Его дед поглядел на бумагу в руке с выражением крайней досады, и кивнул. Потом отступил на шаг – и стоило ему выйти из косых лучей фар, как он исчез. Осталась только темная дорога, ведущая под уклон.
Эндрю и сам вышел из лучей фар и удостоверился, что дед исчез. А удостоверившись, снова нацепил очки и вытащил из канавы свой правый ботинок. Потом немного постоял в задумчивости, глядя, как правое переднее колесо машины медленно погружается в жидкую грязь.

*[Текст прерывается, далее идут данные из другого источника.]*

Definition itens_lmul (M : imx) (T : itens) : itens := [seq (imx_mul M PQ.1, PQ.2) | PQ <- T].
Definition itens_rmul (T : itens) (M : imx) : itens := [seq (PQ.1, imx_mul PQ.2 M) | PQ <- T].
Definition itens_opp (T : itens) : itens := [seq (imx_opp PQ.1, PQ.2) | PQ <- T].
Definition itens_comm (M : imx) (T : itens) : itens :=
  itens_lmul M T ++ itens_opp (itens_rmul T M).
Definition itens_pcomm (C D B : imx) (Z : itens) : itens :=
  itens_lmul (imx_comm C D) (itens_comm B Z).
(* (a, b, c, d, k) stands for k E_ab (x) E_cd. *)
Definition itens_of (s : seq (nat * nat * nat * nat * int)) : itens :=
  [seq let: (a, b, c, d, k) := e in (imx_unit a b k, imx_unit c d 1) | e <- s].

Definition itens_coef (T : itens) (a b c d : nat) : int :=
  foldr (fun PQ z => PQ.1 a b * PQ.2 c d + z) 0 T.
Definition all5 (P : pred nat) : bool := all P (iota 0 5).
Definition itens_is_one (T : itens) : bool :=
  all5 (fun a => all5 (fun b => all5 (fun c => all5 (fun d =>
    itens_coef T a b c d == ((a == b) && (c == d))%:R)))).

Lemma sum5E (F : nat -> int) : sum5 F = \sum_(i < 5) F i.
Proof. by rewrite /sum5 !big_ord_recr big_ord0 /= add0r. Qed.

Lemma itens_coefE T a b c d : itens_coef T a b c d = \sum_(PQ <- T) PQ.1 a b * PQ.2 c d.
Proof. by elim: T => [|PQ T /= ->]; rewrite ?big_nil ?big_cons. Qed.

Lemma itens_is_oneP T : itens_is_one T ->
  forall a b c d : 'I_5, itens_coef T a b c d = ((a == b) && (c == d))%:R.
Proof.
have iota5 (x : 'I_5) : nat_of_ord x \in iota 0 5 by rewrite mem_iota ltn_ord.
move=> T1 a b c d; apply/eqP.
by move: T1 => /allP/(_ _ (iota5 a))/allP/(_ _ (iota5 b))/allP/(_ _ (iota5 c))/allP/(_ _ (iota5 d)).
Qed.

Definition imx_eval {R : pzRingType} (u : nat -> nat -> R) (M : imx) : R :=
  \sum_(i < 5) \sum_(j < 5) u i j *~ M i j.
Definition itens_act {R : pzRingType} (u : nat -> nat -> R) (T : itens) (r : R) : R :=
  \sum_(PQ <- T) imx_eval u PQ.1 * r * imx_eval u PQ.2.

Section Evaluation.
Context {R : pzRingType} {u : nat -> nat -> R} (hu : block_units u).

Lemma unit_mul_eval (i j : 'I_5) (N : imx) :
  u i j * imx_eval u N = \sum_(l < 5) (if coblock i j l then u i l *~ N j l else 0).
Proof.
rewrite /imx_eval mulr_sumr (bigD1 j) //= [X in _ + X]big1; last first.
  move=> k /negbTE nkj.
  rewrite mulr_sumr big1 // => l _.
  by rewrite mulrzAr (block_unitsM hu) eq_sym nkj mul0rz.
rewrite addr0 mulr_sumr; apply: eq_bigr => l _.
by rewrite mulrzAr (block_unitsM hu) eqxx /=; case: ifP; rewrite ?mul0rz.
Qed.

Lemma imx_evalM M N : imx_eval u (imx_mul M N) = imx_eval u M * imx_eval u N.
Proof.
rewrite /imx_eval mulr_suml; apply: eq_bigr => i _.
rewrite mulr_suml; under [RHS]eq_bigr do rewrite mulrzAl unit_mul_eval mulrz_suml.
rewrite exchange_big /=; apply: eq_bigr => l _; rewrite /imx_mul sum5E mulrz_sumr.
apply: eq_big => // j _; case: ifP => _; last by rewrite mul0rz mulr0z.
by rewrite -mulrzA mulrC.
Qed.

Lemma imx_evalB M N : imx_eval u (imx_sub M N) = imx_eval u M - imx_eval u N.
Proof.
rewrite /imx_eval -sumrB; apply: eq_bigr => i _; rewrite -sumrB.
by apply: eq_bigr => j _; rewrite mulrzBr.
Qed.

Lemma imx_evalN M : imx_eval u (imx_opp M) = - imx_eval u M.
Proof.
rewrite /imx_eval -sumrN; apply: eq_bigr => i _; rewrite -sumrN.
by apply: eq_bigr => j _; rewrite mulrNz.
Qed.

Lemma imx_eval_comm M N : imx_eval u (imx_comm M N) = commr (imx_eval u M) (imx_eval u N).
Proof. by rewrite imx_evalB !imx_evalM. Qed.

Lemma itens_act_cat T1 T2 r : itens_act u (T1 ++ T2) r = itens_act u T1 r + itens_act u T2 r.
Proof. exact: big_cat. Qed.

Lemma itens_act_lmul M T r : itens_act u (itens_lmul M T) r = imx_eval u M * itens_act u T r.
Proof.
by rewrite /itens_act big_map mulr_sumr; apply: eq_bigr => PQ _; rewrite imx_evalM !mulrA.
Qed.

Lemma itens_act_rmul T M r : itens_act u (itens_rmul T M) r = itens_act u T r * imx_eval u M.
Proof.
by rewrite /itens_act big_map mulr_suml; apply: eq_bigr => PQ _; rewrite imx_evalM mulrA.
Qed.

Lemma itens_act_opp T r : itens_act u (itens_opp T) r = - itens_act u T r.
Proof.
by rewrite /itens_act big_map -sumrN; apply: eq_bigr => PQ _; rewrite imx_evalN !mulNr.
Qed.

Lemma itens_act_comm M T r :
  itens_act u (itens_comm M T) r = commr (imx_eval u M) (itens_act u T r).
Proof. by rewrite itens_act_cat itens_act_opp itens_act_lmul itens_act_rmul. Qed.

Lemma imx_eval_sandwich (P Q : imx) r : imx_eval u P * r * imx_eval u Q =
  \sum_(a < 5) \sum_(b < 5) \sum_(c < 5) \sum_(d < 5) (u a b * r * u c d) *~ (P a b * Q c d).
Proof.
rewrite /imx_eval !mulr_suml; apply: eq_bigr => a _; rewrite !mulr_suml; apply: eq_bigr => b _.
rewrite mulr_sumr; apply: eq_bigr => c _; rewrite mulr_sumr; apply: eq_bigr => d _.
by rewrite !mulrzAl mulrzAr -mulrzA mulrC.
Qed.

Lemma itens_act_coef T r : itens_act u T r =
  \sum_(a < 5) \sum_(b < 5) \sum_(c < 5) \sum_(d < 5) (u a b * r * u c d) *~ itens_coef T a b c d.
Proof.
under [RHS]eq_bigr do under eq_bigr do under eq_bigr do under eq_bigr do
  rewrite itens_coefE mulrz_sumr.
rewrite /itens_act (eq_bigr _ (fun PQ _ => imx_eval_sandwich PQ.1 PQ.2 r)).
rewrite exchange_big /=; apply: eq_bigr => a _; rewrite exchange_big /=; apply: eq_bigr => b _.
by rewrite exchange_big /=; apply: eq_bigr => c _; rewrite exchange_big.
Qed.

Lemma itens_act_one T r : itens_is_one T -> itens_act u T r = r.
Proof.
move/itens_is_oneP => T1; rewrite itens_act_coef.
transitivity (\sum_(a < 5) \sum_(c < 5) u a a * r * u c c); last first.
  rewrite -[RHS]mulr1 -(block_units_sum1 hu) -[X in X * _]mul1r -(block_units_sum1 hu).
  by rewrite !mulr_suml; apply: eq_bigr => a _; rewrite mulr_sumr.
apply: eq_bigr => a _; rewrite (bigD1 a) //= [X in _ + X]big1 => [|b nba]; last first.
  rewrite big1 // => c _; rewrite big1 // => d _.
  by rewrite T1 eq_sym (negbTE nba) mulr0z.
rewrite addr0; apply: eq_bigr => c _; rewrite (bigD1 c) //= [X in _ + X]big1 => [|d ndc].
  by rewrite T1 !eqxx addr0.
by rewrite T1 eqxx eq_sym (negbTE ndc) mulr0z.
Qed.

Lemma itens_act_pcomm C D B Z r : itens_act u (itens_pcomm C D B Z) r =
  commr (imx_eval u C) (imx_eval u D) * commr (imx_eval u B) (itens_act u Z r).
Proof. by rewrite itens_act_lmul itens_act_comm imx_eval_comm. Qed.

Lemma itens_act_flatten Ts r : itens_act u (flatten Ts) r = \sum_(T <- Ts) itens_act u T r.
Proof. exact: big_flatten. Qed.

End Evaluation.

Definition comm_add_certificate : itens :=
  itens_comm
    (imx_of [:: [:: 0; 0; 0; 0; 0]; [:: 0; 1; 0; 0; 0]; [:: 0; 0; 1; 0; 0];
                [:: 0; 0; 0; 1; 0]; [:: 0; 0; 0; 0; 0]])
    (itens_of [::
    (0, 0, 1, 1, -1); (0, 0, 2, 2, -1); (0, 0, 3, 3, -1); (0, 2, 1, 1, 1); (0, 2, 2, 2, 1);
    (0, 2, 3, 3, 1); (1, 1, 0, 0, 1); (1, 1, 4, 4, 1); (2, 0, 0, 0, -1); (2, 0, 4, 4, -1);
    (2, 2, 0, 0, 1); (2, 2, 4, 4, 1); (3, 3, 0, 0, 1); (3, 3, 1, 0, -1); (3, 3, 2, 0, 1);
    (3, 3, 4, 4, 1); (3, 4, 0, 0, 1); (3, 4, 4, 4, 1); (4, 3, 1, 1, -1); (4, 3, 1, 2, 1);
    (4, 3, 2, 2, -1); (4, 3, 3, 3, -1); (4, 4, 1, 1, -1); (4, 4, 2, 2, -1); (4, 4, 3, 3, -1);
    (4, 4, 4, 3, 1)])
  ++ itens_pcomm
    (imx_of [:: [:: 0; 0; -1; 0; 0]; [:: 0; 0; 0; 0; 0]; [:: 0; 0; -1; 0; 0];
                [:: 0; 0; 0; -1; 0]; [:: 0; 0; 0; 1; 0]])
    (imx_of [:: [:: 0; 0; 0; 0; 0]; [:: -1; 0; 0; 0; 0]; [:: 0; 1; 0; 0; 0];
                [:: 0; 0; 0; 0; 1]; [:: 0; 0; 0; 0; 0]])
    (imx_of [:: [:: 0; 0; 0; 0; 0]; [:: 0; 0; -1; 0; 0]; [:: 1; 0; 0; 0; 0];
                [:: 0; 0; 0; 0; 0]; [:: 0; 0; 0; 1; 0]])
    (itens_of [::
    (0, 0, 4, 3, 1); (0, 1, 1, 1, -1); (0, 1, 2, 2, -1); (0, 1, 3, 3, -1); (0, 2, 1, 2, -1);
    (1, 0, 0, 2, 1); (1, 2, 2, 1, -1); (1, 2, 3, 4, 1); (2, 0, 4, 4, 1); (2, 2, 1, 1, 1);
    (3, 3, 1, 1, -1); (3, 3, 1, 2, 1); (3, 3, 2, 2, -1); (3, 3, 3, 3, -1); (3, 4, 0, 0, 1);
    (3, 4, 4, 3, 1); (3, 4, 4, 4, 1)]).

Definition sum3_certificate : seq (imx * imx * imx * itens) := [::
  (imx_of [:: [:: 0; 0; -1; 0; 0]; [:: 0; 0; 0; 0; 0]; [:: 0; 0; -1; 0; 0];
              [:: 0; 0; 0; -1; 0]; [:: 0; 0; 0; 1; 0]],
   imx_of [:: [:: 0; 0; 0; 0; 0]; [:: -1; 0; 0; 0; 0]; [:: 0; 1; 0; 0; 0];
              [:: 0; 0; 0; 0; 1]; [:: 0; 0; 0; 0; 0]],
   imx_of [:: [:: 0; 0; 0; 0; 0]; [:: 0; 0; -1; 0; 0]; [:: 1; 0; 0; 0; 0];
              [:: 0; 0; 0; 0; 0]; [:: 0; 0; 0; 1; 0]],
   itens_of [::
    (0, 0, 3, 3, 1); (0, 0, 4, 3, -1); (0, 1, 0, 0, -1); (0, 1, 1, 1, -1); (0, 1, 2, 2, -1);
    (0, 1, 3, 3, -1); (0, 1, 4, 4, -1); (0, 2, 1, 2, -1); (0, 2, 3, 3, -1); (0, 2, 4, 3, 2);
    (1, 0, 0, 1, 1); (1, 0, 0, 2, -1); (1, 2, 0, 1, -1); (1, 2, 0, 2, 2); (1, 2, 2, 1, -1);
    (1, 2, 3, 4, 1); (2, 0, 3, 4, 1); (2, 0, 4, 4, -1); (2, 2, 1, 1, 1); (2, 2, 3, 4, -1);
    (2, 2, 4, 4, 2); (3, 3, 0, 2, 1); (3, 3, 2, 0, 1); (3, 3, 2, 2, 1); (3, 3, 3, 3, -2);
    (3, 3, 3, 4, 1); (3, 3, 4, 3, -1); (3, 4, 0, 0, 1); (3, 4, 0, 2, 1); (3, 4, 1, 0, 1);
    (3, 4, 1, 1, 1); (3, 4, 1, 2, 1); (3, 4, 2, 0, 1); (3, 4, 2, 2, 1); (3, 4, 3, 3, -1);
    (3, 4, 3, 4, 1); (3, 4, 4, 3, 1); (4, 3, 0, 1, -1); (4, 3, 2, 1, -1); (4, 4, 0, 1, -1);
    (4, 4, 1, 1, -1)]);
  (imx_of [:: [:: -1; 0; 0; 0; 0]; [:: 0; 0; 0; 0; 0]; [:: -1; 0; 0; 0; 0];
              [:: 0; 0; 0; -1; 0]; [:: 0; 0; 0; -1; 0]],
   imx_of [:: [:: 0; 1; 1; 0; 0]; [:: 0; 0; 0; 0; 0]; [:: 0; 0; 0; 0; 0];
              [:: 0; 0; 0; 0; 1]; [:: 0; 0; 0; 0; 0]],
   imx_of [:: [:: 1; 0; 1; 0; 0]; [:: 0; 0; 0; 0; 0]; [:: 0; 0; 0; 0; 0];
              [:: 0; 0; 0; 0; -1]; [:: 0; 0; 0; -1; 0]],
   itens_of [::
    (0, 0, 1, 1, 1); (0, 0, 2, 0, -1); (0, 0, 4, 3, 1); (0, 2, 1, 1, -1); (0, 2, 2, 0, 1);
    (0, 2, 4, 3, -1); (2, 0, 0, 0, 1); (2, 0, 3, 3, 1); (2, 0, 4, 3, -1); (2, 2, 0, 0, -1);
    (2, 2, 3, 3, -1); (2, 2, 4, 3, 1); (3, 3, 2, 0, -1); (3, 3, 3, 3, 2); (3, 3, 3, 4, -4);
    (3, 3, 4, 3, 1); (3, 3, 4, 4, -2); (3, 4, 1, 0, -1); (3, 4, 2, 0, -1); (3, 4, 3, 3, 2);
    (3, 4, 3, 4, -4); (3, 4, 4, 3, -1); (3, 4, 4, 4, 2); (4, 3, 1, 1, -1); (4, 4, 1, 1, -1)]);
  (imx_of [:: [:: -1; 0; 0; 0; 0]; [:: 0; 0; 1; 0; 0]; [:: 0; 0; 0; 0; 0];
              [:: 0; 0; 0; -1; 0]; [:: 0; 0; 0; 1; 0]],
   imx_of [:: [:: 0; 1; 0; 0; 0]; [:: 1; 0; 0; 0; 0]; [:: 0; 0; 0; 0; 0];
              [:: 0; 0; 0; -1; 1]; [:: 0; 0; 0; 0; 0]],
   imx_of [:: [:: 0; 0; 1; 0; 0]; [:: 0; 0; 1; 0; 0]; [:: 0; 0; 0; 0; 0];
              [:: 0; 0; 0; 1; 1]; [:: 0; 0; 0; 0; 0]],
   itens_of [:: (3, 3, 3, 3, 3); (3, 3, 4, 3, 2); (3, 4, 3, 3, 3); (3, 4, 4, 3, -1)])].

Definition itens_pcomm_of (c : imx * imx * imx * itens) : itens :=
  let: (C, D, B, Z) := c in itens_pcomm C D B Z.

Lemma comm_add_certificate_is_one : itens_is_one comm_add_certificate.
Proof. by vm_compute. Qed.

Lemma sum3_certificate_is_one : itens_is_one (flatten (map itens_pcomm_of sum3_certificate)).
Proof. by vm_compute. Qed.

Lemma commr_comm_set {R : pzRingType} (x y : R) : comm_set (commr x y).
Proof. by exists x, y. Qed.

Lemma commr_mul_set {R : pzRingType} (x y z w : R) :
  set_mul comm_set comm_set (commr x y * commr z w).
Proof. by exists (commr x y), (commr z w); split; [|split]; try exact: commr_comm_set. Qed.

Lemma commr_add_mul_set {R : pzRingType} (a b x y z w : R) :
  set_add comm_set (set_mul comm_set comm_set) (commr a b + commr x y * commr z w).
Proof.
exists (commr a b), (commr x y * commr z w).
by split; [exact: commr_comm_set | split; [exact: commr_mul_set |]].
Qed.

Эндрю подумал о движении Земли и светил, о пространстве и времени. Об Эйнштейне и об орбитальных телескопах. О том, что положение колеса в канаве – всего лишь временное обстоятельство и относительный факт, который был ложным пять минут назад и через пять минут снова станет ложным. Подумал о скорости и мощности заноса, о выталкивающей силе жижи в канаве. Подумал о гравитации и о том, как она становится собственной противоположностью. После чего Эндрю встал на колени, уперся одной рукой в травянистую грязь, а другой – в колесо и растолкал их в разные стороны. Машина послушно, хотя и не без недовольного чавканья и чмоканья, выдвинулась из канавы, перевалилась через край и водворилась обратно на дорогу. Эндрю сел на водительское сиденье, чтобы надеть ботинок, и не без горечи подумал, что вполне можно было бы не лезть в грязь, а просто встать на обочину и поманить машину к себе. Да, над практическим применением магии теперь надо будет поработать серьезнее. Эх… Эндрю вздохнул.
И поехал в дедовское поместье.
– Умер, да? – спросил он, когда миссис Сток открыла ему дверь.
Миссис Сток кивнула и успокоила свою скудную совесть словами:
– Я так и знала, что вы сразу почуете.
Эндрю шагнул за парадную дверь и вступил во владение наследством.
Хлопот, конечно, было предостаточно – не только в самом Мелстоне и в Мелфорде, близлежащем городке, но и в университете, поскольку Эндрю почти сразу решил уволиться и поселиться в Мелстон-Хаусе. Родители оставили ему достаточно денег, и он решил, что, если присовокупить к ним наследство старика Джослина, можно бросить преподавание и написать книгу: об этом он давно мечтал. Эндрю хотел представить миру совершенно новый взгляд на историю. Уйти из университета он был только рад – а особенно рад был уйти от ассистентки-лаборантки. Отъявленная врунья! Просто поразительно, ведь всего год назад он намеревался на ней жениться. Тем не менее Эндрю решил похлопотать, чтобы ее благополучно перевели на другую должность, – и похлопотал.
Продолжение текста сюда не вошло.